O casal apresentou a sentença do TEDH, de 2014, também objeto, a seu tempo, de divulgação nesta página, para revisão da sentença interna definitiva à Cour de Cassation por incompatibilidade da última com a decisão da instância internacional de julgamento, posterior. Entretanto, a França ratificou o Protocolo n.º 16 à CEDH, que permite às instâncias superiores dos Estados Parte colocar questões de interpretação do Direito europeu ao TEDH.

Sempre no contexto da jurisprudência Mennesson, do TEDH, a Cour de Cassation reconheceu que a França não cumpria adequadamente a Convenção europeia dos Direitos Humanos e, neste sentido, formulou uma nova orientação jurisprudencial segundo a qual, nos casos de contrato de gestação de substituição, o pai beneficiário, também pai biológico, tem o direito ao registo das suas crianças e estas à certidão de nascimento segundo o Estado francês com todas as consequências em matéria de registo civil daí advenientes. A dúvida, para a Cour de Cassation passou a situar-se na condição jurídica da mãe beneficiária que não seja mãe biológica, ou seja, cujos óvulos não foram utilizados no quadro deste contrato.

A Cour de Cassation colocou estas duas questões ao TEDH no contexto do Protocolo 16, solicitando a este um Parecer consultivo antes da emissão do seu próprio Acórdão, suspendendo a instância em conformidade:

1. Saber se ao recusar o registo de maternidade de uma criança nascida no estrangeiro, no quadro de um contrato de gestação por outrem, a França estaria em violação do artigo 8.º da CEDH, e se deveria proceder, neste tipo de contrato, a uma distinção em função da conceção, ou não, da criança, com recurso aos óvulos da mãe biológica;

2. Na hipótese de uma resposta afirmativa a uma destas questões, seria possível à mãe biológica proceder à adoção da criança, assegurando por esta via o direito da criança à sua filiação materna e, assim, garantindo a conformidade da República francesa com as suas obrigações, à luz do artigo 8.º da CEDH?

O TEDH recordou dois obter dicta do seu Acórdão Mennesson, também ratio decidendi do Acórdão e do Parecer Consultivo: - O respeito da vida privada requer que qualquer pessoa esteja habilitada a estabelecer os detalhes da sua identidade enquanto ser humano, a qual compreende as relações legais entre os pais e os filhos. – A relação pais-filhos atinge uma dimensão essencial da identidade de cada ser humano.

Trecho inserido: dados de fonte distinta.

(* Let $k\ge 3$ be an integer and let $\varepsilon\in(0,1)$ satisfy $1/\varepsilon > k$. Then \[ d(k,\varepsilon) \ \le\ \frac{1}{2}\left(\frac{\log\big(r_k(\lfloor 1/\varepsilon+1\rfloor)+1\big)}{\log\big(\lfloor 1/\varepsilon+1\rfloor\big)}+1\right). \]
   Context: A $k$-term arithmetic progression ($k$AP) is a set $P=\{x, x+\lambda, \dots, x+(k-1)\lambda\}\subset\mathbb{R}$ with $\lambda>0$, called the gap length of $P$. For $N\in\mathbb{N}$, $r_k(N)$ denotes the maximal cardinality of a subset $A\subseteq\{1,\dots,N\}$ that contains no $k$AP. Given $\varepsilon\in(0,1)$, a set $E\subset\mathbb{R}$ is said to $\varepsilon$-avoid $k$APs if for every $k$AP $P$ with gap length $\lambda$ one has $\sup_{p\in P}\inf_{x\in E}|x-p|\ \ge\ \varepsilon\lambda$. Define $d(k,\varepsilon)=\sup\{\dim_H(E): E\subset\mathbb{R} \text{ bounded and } E \ \varepsilon\text{-avoids } k\text{APs}\}$, where $\dim_H$ is Hausdorff dimension. *)

From Stdlib Require Import Reals Lra Lia ZArith List Classical ClassicalEpsilon.
Open Scope R_scope.

(* A (finite) set of naturals, given as a duplicate-free list, contains a kAP
   x, x+l, ..., x+(k-1)l with gap l > 0. (A kAP in R contained in a set of
   integers necessarily has integer start and integer gap.) *)
Definition contains_kAP (k : nat) (A : list nat) : Prop :=
  exists x l : nat, (0 < l)%nat /\ forall i : nat, (i < k)%nat -> In (x + i * l)%nat A.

Entretanto, e face à evolução jurisprudencial do Direito francês, o Conselho de Ministros do CoE encerrou a sua supervisão do caso Mennesson. Em 16 de Fevereiro de 2018, o Tribunal das revisões de sentença francês aceitou para novo julgamento o pedido de revisão de sentença, formulado pelo casal Mennesson, a seguir à prolação, pela Grande Chambre do TEDH do Acórdão do mesmo nome. E é neste quadro, com um recurso de revisão de sentença por decidir que a Cour de Cassation suspendeu a instância e acionou o TEDH com o pedido de Parecer Consultivo ao abrigo do Protocolo n.º 16, entretanto ratificado pela França.

O TEDH estudou o direito das Nações Unidas em torno da Convenção sobre os direitos das crianças e os seus protocolos, os trabalhos da Conferência da Haia de Direito internacional privado e procedeu a um estudo do direito comparado nos vários países do Ocidente, em particular da Europa. Notou, por fim, que os óvulos da mãe beneficiária não foram empregues neste contrato.

Para o TEDH eram duas as questões a que devia trazer resposta:

1. saber se o direito à vida privada de uma criança nascida nos termos de um contrato de gestação por outrem, cujo vínculo de filiação ao pai beneficiário, também pai biológico, está assegurado, exige o reconhecimento legal da sua relação com a mãe beneficiária, a qual não é a mãe biológica;

2. sendo a resposta à primeira pergunta afirmativa, o TEDH ainda deveria estabelecer se seria necessário que o reconhecimento do vínculo de filiação com a mãe beneficiária se deveria fazer por certidão e registo de nascimento, ou se o recurso a um instituto jurídico diferente seria bastante.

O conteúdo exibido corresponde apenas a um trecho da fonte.